How can I mutate the variable i inside the closure? Race conditions are considered to be acceptable.

use rayon::prelude::*;

fn main() {

    let mut i = 0;
    let mut closure = |_| {
        i = i + 1;
    };

    (0..100).into_par_iter().for_each(closure);
}

This code fails with:

error[E0525]: expected a closure that implements the `Fn` trait, but this closure only implements `FnMut`
  --> src\main.rs:6:23
   |
6  |     let mut closure = |_| {
   |                       ^^^ this closure implements `FnMut`, not `Fn`
7  |         i = i + 1;
   |         - closure is `FnMut` because it mutates the variable `i` here
...
10 |     (0..100).into_par_iter().for_each(closure);
   |                              -------- the requirement to implement `Fn` derives from here

Upvotes: 12

Views: 1507

Answers (4)

user4815162342
user4815162342

Reputation: 154866

The accepted answer explains the situation thoroughly - you definitely don't want data races in your code, because they are undefined behavior, and distinct from the more general "race conditions". Nor do you need data races to update shared data, there are better efficient ways to do that. But to satisfy curiosity, this answer attempts to answer the question as literally asked - if you were reckless enough to intentionally ignore data races and incur undefined behavior at your own peril, could you do it in unsafe Rust?

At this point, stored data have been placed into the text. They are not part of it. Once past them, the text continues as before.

(* Let $\mathbb{K}\in\{\mathbb{R},\mathbb{C}\}$ and let $\mathcal{X}$ be a topological $\mathbb{K}$-vector space whose topological dual $\mathcal{X}^{\ast}$ separates the points of $\mathcal{X}$. Then the set $\mathbf{B}(\mathcal{X}^{\ast})$ is a closed subset of $\mathbf{F}(\mathcal{X}^{\ast})$ in the weak*-Hausdorff hypertopology, it is convex and path-connected, and it is a connected component (maximal connected subset) of $\mathbf{F}(\mathcal{X}^{\ast})$.
   Context: Topological vector spaces are Hausdorff. $\mathcal{X}^{\ast}$ carries the weak* topology. $\mathbf{F}(\mathcal{X}^{\ast})$ is the set of nonempty weak*-closed subsets of $\mathcal{X}^{\ast}$, endowed with the weak*-Hausdorff hypertopology: the topology generated by the extended pseudometrics $d_H^{(A)}(F,\tilde F)=\max\{\sup_{\sigma\in F}\inf_{\tilde\sigma\in\tilde F}|(\sigma-\tilde\sigma)(A)|,\ \sup_{\tilde\sigma\in\tilde F}\inf_{\sigma\in F}|(\sigma-\tilde\sigma)(A)|\}\in[0,\infty]$, $A\in\mathcal{X}$. $\mathbf{B}(\mathcal{X}^{\ast})$ is the set of nonempty weak*-closed subsets $B\subseteq\mathcal{X}^{\ast}$ that are bounded in the weak* topology, i.e. $\sup_{\sigma\in B}|\sigma(A)|<\infty$ for every $A\in\mathcal{X}$. Convexity of $\mathbf{B}(\mathcal{X}^{\ast})$ means: for $B_0,B_1\in\mathbf{B}(\mathcal{X}^{\ast})$ and $\lambda\in[0,1]$, the (weak*-closure of the) set $\{(1-\lambda)\sigma_0+\lambda\sigma_1:\sigma_0\in B_0,\sigma_1\in B_1\}$ belongs to $\mathbf{B}(\mathcal{X}^{\ast})$. *)

From HB Require Import structures.
From mathcomp Require Import all_boot all_algebra.
From mathcomp Require Import all_classical all_reals all_analysis.
From mathcomp.real_closed Require Import complex.

Set Implicit Arguments.
Unset Strict Implicit.
Unset Printing Implicit Defensive.

Import GRing.Theory Num.Theory numFieldTopology.Exports.
Local Open Scope classical_set_scope.
Local Open Scope ring_scope.

Section Hyper.
(* R : the real numbers; K : the scalar field (R or R[i]);
   absK : K -> R the modulus |.| on K. *)
Variables (R : realType) (K : numFieldType) (absK : K -> R).
Variable (X : topologicalLmodType K).

Definition dual : set (X -> K) :=
  [set s | (forall (a : K) (x y : X), s (a *: x + y) = a * s x + s y)
           /\ continuous s].

(* The weak-star topology on Xdual is the subspace topology of {ptws X -> K}. *)
Definition wstar_closure (S : set (X -> K)) : set (X -> K) :=
  closure (S : set (prod_topology (fun _ : X => K))) `&` dual.

Definition wstar_closed (S : set (X -> K)) : Prop :=
  S `<=` dual /\ wstar_closure S `<=` S.

Definition Fset : set (set (X -> K)) :=
  [set S | S !=set0 /\ wstar_closed S].

Definition wstar_bounded (S : set (X -> K)) : Prop :=
  forall A : X, exists M : R, forall s, S s -> absK (s A) <= M.

Definition Bset : set (set (X -> K)) :=
  [set S | Fset S /\ wstar_bounded S].

Definition dH (A : X) (S T : set (X -> K)) : \bar R :=
  maxe
    (ereal_sup [set ereal_inf [set (absK (s A - t A))%:E | t in T] | s in S])
    (ereal_sup [set ereal_inf [set (absK (s A - t A))%:E | s in S] | t in T]).

Definition hyperspace : Type := (fun _ : K -> R => set (X -> K)) absK.

HB.instance Definition _ := gen_eqMixin hyperspace.
HB.instance Definition _ := gen_choiceMixin hyperspace.

(* indices of the subbasic open balls: (centre A of the pseudometric,
   centre S of the ball, radius e) *)
Definition ball_index : Type := (X * hyperspace * R)%type.
HB.instance Definition _ := gen_eqMixin ball_index.
HB.instance Definition _ := gen_choiceMixin ball_index.
HB.instance Definition _ := isPointed.Build ball_index (0, set0, 0).

Definition hball (i : ball_index) : set hyperspace :=
  [set T | (dH i.1.1 i.1.2 T < (i.2)%:E)%E].

(* The topology generated by the family of extended pseudometrics d_H^{(A)}:
   the open balls {T | d_H^{(A)}(S,T) < e}, e > 0, form a subbase. *)
HB.instance Definition _ :=
  isSubBaseTopological.Build hyperspace [set i : ball_index | 0 < i.2] hball.

Definition convex_comb (l : K) (S0 S1 : set (X -> K)) : set (X -> K) :=
  [set s | exists s0 s1, [/\ S0 s0, S1 s1 &
     s = (fun x => (1 - l) * s0 x + l * s1 x)]].

Definition Bset_convex : Prop :=
  forall (S0 S1 : set (X -> K)) (l : K), Bset S0 -> Bset S1 -> 0 <= l <= 1 ->
    Bset (wstar_closure (convex_comb l S0 S1)).

End Hyper.

Arguments dual {K} X.
Arguments wstar_closure {K X} S.
Arguments wstar_closed {K X} S.
Arguments Fset {K} X.
Arguments hyperspace {R K} absK X.
Arguments wstar_bounded {R K} absK {X} S.
Arguments Bset {R K} absK X.
Arguments Bset_convex {R K} absK X.

Definition path_connected_set (R : realType) (T : topologicalType) (A : set T) :=
  forall a b, A a -> A b ->
    exists g : R -> T, [/\ {within `[0, 1], continuous g},
                          g 0 = a, g 1 = b & g @` `[0, 1] `<=` A].

Definition prop34_concl (R : realType) (K : numFieldType) (absK : K -> R)
    (X : topologicalLmodType K) : Prop :=
  [/\ closed (Bset absK X : set (subspace (Fset X : set (hyperspace absK X)))),
      Bset_convex absK X,
      path_connected_set R (Bset absK X : set (hyperspace absK X)) &
      exists2 S0, Bset absK X S0 &
        connected_component (Fset X : set (hyperspace absK X)) S0 = Bset absK X].

Definition prop34_hyp (K : numFieldType) (X : topologicalLmodType K) : Prop :=
  hausdorff_space X /\
  (forall x y : X, x <> y -> exists2 s, dual X s & s x <> s y).

From HB Require Import structures.
From mathcomp Require Import all_boot all_algebra.
From mathcomp Require Import all_classical all_reals all_analysis.
From mathcomp.real_closed Require Import complex.
From mathcomp Require Import all_order finmap lra ring.

(* For a fixed A, d_H^(A) is an extended pseudometric on nonempty sets, and a
   set is bounded at A as soon as it lies at finite d_H^(A)-distance from a
   bounded set.  Hence boundedness passes to limits (B is closed), and the sets
   at finite d_H^(A)-distance from a fixed one form a clopen part of F, so the
   connected component of a bounded set consists of bounded sets.  Conversely,
   t |-> closure((1 - t) B0 + t B1) is Lipschitz for every d_H^(A), with
   constant sup|B0(A)| + sup|B1(A)|; these segments make B path-connected,
   hence connected, so B is the whole component of any of its members. *)

Set Implicit Arguments.
Unset Strict Implicit.
Unset Printing Implicit Defensive.
Import Order.TTheory GRing.Theory Num.Theory numFieldTopology.Exports.
Local Open Scope classical_set_scope.
Local Open Scope ring_scope.

Lemma connected_sub_locally_constant (T : topologicalType) (F C : set T)
    (P : T -> Prop) (N : T -> set T) x0 :
  (forall x, F x -> open (N x)) -> (forall x, F x -> N x x) ->
  (forall x y, F x -> F y -> N x y -> (P x <-> P y)) ->
  C `<=` F -> connected C -> C x0 -> P x0 -> C `<=` P.
Proof.
move=> oN Nxx NP CF Cc Cx0 Px0.
have CP : C `&` P = C.
  apply: Cc; first by exists x0.
  - exists (\bigcup_(x in F `&` P) N x).
      by apply: bigcup_open => x [Fx _]; exact: oN.
    apply/seteqP; split=> [y [Cy Py]|y [Cy [x [Fx Px] Nxy]]]; split=> //.
      by exists y; [split=> //; exact: CF | exact/Nxx/CF].
    exact/(NP x y Fx (CF y Cy) Nxy).
  - exists (~` \bigcup_(x in F `&` ~` P) N x).
      by rewrite closedC; apply: bigcup_open => x [Fx _]; exact: oN.
    apply/seteqP; split=> [y [Cy Py]|y [Cy nN]]; split=> //.
      by move=> [x [Fx nPx] Nxy]; apply/nPx/(NP x y Fx (CF y Cy) Nxy).
    apply: contrapT => nPy; apply: nN.
    by exists y; [split=> //; exact: CF | exact/Nxx/CF].
by move=> y; rewrite -CP => -[].
Qed.

Lemma path_connected_set_connected (R : realType) (T : topologicalType)
    (A : set T) :
  path_connected_set R A -> connected A.
Proof.
have [-> _|/set0P [a Aa] pA] := eqVneq A set0; first exact: connected0.
have itv0 : `[(0 : R), 1]%classic 0 by rewrite /= in_itv /= lexx ler01.
have itv1 : `[(0 : R), 1]%classic 1 by rewrite /= in_itv /= lexx ler01.
pose paths := [set g : R -> T |
  [/\ {within `[0, 1], continuous g}, g 0 = a & g @` `[0, 1] `<=` A]].
have -> : A = \bigcup_(g in paths) (g @` `[0, 1]).
  apply/seteqP; split=> [b Ab|b [g [_ _ gA] gb]]; last exact: gA.
  have [g [gc ga gb gA]] := pA a b Aa Ab.
  by exists g => //; exists 1.
apply: bigcup_connected.
  by exists a => g [_ ga _]; exists 0.
move=> g [gc _ _]; apply: connected_continuous_connected => //.
exact: segment_connected.
Qed.

Section Hyperspace.
Variables (R : realType) (K : numFieldType) (absK : K -> R).
Variable X : topologicalLmodType K.
Hypothesis absK0 : absK 0 = 0.
Hypothesis absKN : forall x, absK (- x) = absK x.
Hypothesis absKD : forall x y, absK (x + y) <= absK x + absK y.

Lemma absK_ge0 x : 0 <= absK x.
Proof. by have := absKD x (- x); rewrite subrr absK0 absKN; lra. Qed.

Lemma absK_distC x y : absK (x - y) = absK (y - x).
Proof. by rewrite -absKN opprB. Qed.

Lemma absK_dist_triangle x y z : absK (x - z) <= absK (x - y) + absK (y - z).
Proof. by have := absKD (x - y) (y - z); rewrite addrA subrK. Qed.

Lemma absK_le_dist x y : absK x <= absK (x - y) + absK y.
Proof. by have := absKD (x - y) y; rewrite subrK. Qed.

Local Notation d A s t := (absK (s A - t A)).
Implicit Types (S T U : set (X -> K)) (A : X).

Definition excess A S T : \bar R :=
  ereal_sup [set ereal_inf [set (d A s t)%:E | t in T] | s in S].

Lemma dHE A S T : dH absK A S T = maxe (excess A S T) (excess A T S).
Proof.
rewrite /dH /excess; congr Order.max; congr ereal_sup; apply: eq_imagel => t _.
by congr ereal_inf; apply: eq_imagel => s _; rewrite absK_distC.
Qed.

You indeed can. Code and discussion in this answer is provided for educational purposes, such as to check what kind of code the compiler generates. If code that intentionally incurs UB offends you, please stop reading here. You've been warned. :)

The obvious way to convince Rust to allow this data race is to create a raw pointer to mut i, send the pointer to the closure, and dereference it to mutate i. This dereference is unsafe because it leaves it to the programmer to ensure that no mutable references exist simultaneously, and that writes to the underlying data are synchronized with other accesses to it. While we can easily ensure the former by just not creating a reference, we obviously won't ensure the latter:

// Must wrap raw pointer in type that implements Sync.
struct Wrap(*mut i32);
unsafe impl Sync for Wrap {}

// Contains undefined behavior - don't use this!
fn main() {
    let mut i = 0;
    let i_ptr = Wrap(&mut i as *mut i32);
    let closure = |_| {
        unsafe { *i_ptr.0 = *i_ptr.0 + 1 }; // XXX: UB!
    };

    (0..100).into_par_iter().for_each(closure);
    println!("{}", i);
}

Playground

Note that pointers don't implement Sync or Send, so they require a wrapper to use them in threads. The wrapper unsafely implements Sync, but this unsafe is actually not UB - accessing to the pointer is safe, and there would be no UB if we, say, only printed it, or even dereferenced it for reading (as long as no one else writes to i). Writing to the dereferenced pointer is where we create UB, and that itself requires unsafe.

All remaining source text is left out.